キャッシュ・フロー計算書を利用するメリット
恣意性が入る可能性がある利益よりも客観性・信用性が高い
会社経営者の一番の関心である「資金繰りの状況」がわかります
黒字倒産を起こさないために
黒字倒産という言葉が新聞ではやりました。「黒字」とは、文字通り、利益が出ている→損益計算書上で儲け(利益)を計上しているということです。上記にも示しましたが、会社が商品・製品(又はサービス)を相手先に納品すれば、売上は計上されますが、手元にはお金は一切入金されていません。どんどん販売しても代金を回収出来なければ、お金はどんどん減っていきます。
また費用にしても、実際に売却したものに対応して計上(費用収益対応の原則)していくのが基本ですので、どれだけ在庫を抱えていても損益計算書上費用にはなりません(棚卸資産・製品・貯蔵品など)。さらにこの在庫にもさまざまな評価基準・方法が認められており、企業ごとに一律ではありません。 このように利益や費用は会計上のルールに従って計算されますので、このルールと現実のキャッシュの動きがかい離している状況にあります。
よって、計算上は利益が出ていても、予期せぬ相手先の倒産などで予定したお金が入ってこず、また銀行への借金が返済することが出来ずになってしまい、現金不足が原因で倒産が起こってしまう。このように現金の入出金を把握することは非常に重要です。
キャッシュ・フローの重要性
最近では、企業の財務体質を表すのに利益からキャッシュ・フローへと移項しています。なぜ、キャッシュ・フローが重要なのでしょうか?利益とキャッシュ・フローをイメージ化すると、
利益(会計上、ルールによる計算)=収益―費用
税務上では、課税所得=益金−損金
キャッシュフロー(実際の収支)=収入−支出
一方、実際の現金の動きを示しているキャッシュ・フロー計算書は、実際に現金が動いた事実を記しているため、しかも基本的に、ルールに企業ごとのブレもありませんので同じ土俵での比較も可能です。 つまり、利益イコール資金繰りとはなりません。
「利益」は現金化されるまでは安心できない
「キャッシュ」が手元にあれば、企業は存続が出来る
キャッシュ・フロー計算書とは(経営活動の診断書として有効に使いましょう)
「本当の現金の流れを示す計算書」です。いかに、キャッシュ・フロー計算書が重要かお判りいただけたと思います。以下の章では、キャッシュ・フロー計算書の見方について触れたいと思います。

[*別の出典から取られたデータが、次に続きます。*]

Theorem mainTheorem6
  (A Astar V Vstar : Sigma -> R) (W : Sigma -> Sigma -> R) (mu0 : list bool -> R)
  (HA : holder A)
  (HW : involution_kernel A Astar W)
  (HmA : m_zero A) (HmAs : m_zero Astar)
  (HV : calibrated A V) (HVs : calibrated Astar Vstar)
  (HWnorm : V_sup_formula Astar V Vstar W)
  (* the maximizing probability of A* is unique (mu0) ... *)
  (Hmu0 : maximizing Astar mu0)
  (Huniq : forall mu, maximizing Astar mu -> forall u, mu u = mu0 u)
  (* ... and supported on a periodic orbit M = supp mu0 *)
  (Hper : exists p N, (1 <= N)%nat /\ shiftn N p = p /\
            forall z, supp mu0 z <-> exists i, (i < N)%nat /\ z = shiftn i p)
  (* A is good: R* > 0 on P = {w not in M : sigma w in M} *)
  (Hgood : forall w, ~ supp mu0 w -> supp mu0 (shift w) -> Rstar Astar Vstar w > 0)
  (x wx : Sigma) (Hopt : optimal_pair Astar V Vstar W x wx) :
  (exists k, supp mu0 (shiftn k wx)) /\
  (forall k, supp mu0 (shiftn k wx) ->
     optimal_pair Astar V Vstar W (fst (hatTinvn k (x, wx))) (snd (hatTinvn k (x, wx)))).
Proof.
  split; [|intros k _; exact (optimal_pair_hatTinvn A Astar V Vstar W HW HWnorm x wx k HV Hopt)].
  destruct Hper as [p [N [HN [Hp HM]]]].
  destruct (holder_dual_potential A Astar W HA HW) as [C [t [Ht HAs]]].
  destruct (optimal_birkhoff_bounded_below A Astar V Vstar W HW HWnorm x wx Hopt) as [K HK].
  destruct (krylov_bogolyubov Astar wx C t K Ht HAs HK) as [mu [Hinv [[l [Hl Hl0]] Hnull]]].
  assert (Hmax : maximizing Astar mu).
  { replace l with 0 in Hl by (pose proof (proj1 HmAs mu l Hinv Hl); lra); split; assumption. }
  destruct Hopt as [s [Hs _]].
  apply (orbit_enters_M (supp mu0) p N Hp HM (Rstar Astar Vstar)).
  - exact (continuous_Rstar _ _ (holder_with_continuous C t Astar ltac:(lra) HAs) (proj1 HVs)).
  - exact Hgood.
  - intros L n0; apply NNPP; intros Hno.
    assert (Hp0 : supp mu0 p) by (apply HM; exists O; split; [lia|reflexivity]).
    specialize (Hp0 L); rewrite <- (Huniq mu Hmax), (Hnull L p n0) in Hp0; [lra|].
    intros n Hn Hag; apply Hno; exists n; split; [exact Hn|exists O; split; [lia|exact Hag]].
  - intros c Hc; exact (infinite_sum_terms_lt _ s c Hs Hc).
Qed.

ちなみに、会計用語として使われる「キャッシュ」とは、
キャッシュ:現金及び現金同等物といわれます。一般的には、貨幣や紙幣のお金、普通預金や当座預金、短期の定期預金(3ヶ月以内のもの)などです。よって、3ヶ月を超える定期預金や定期積み金はキャッシュには入りません(通常は「投資」になります)。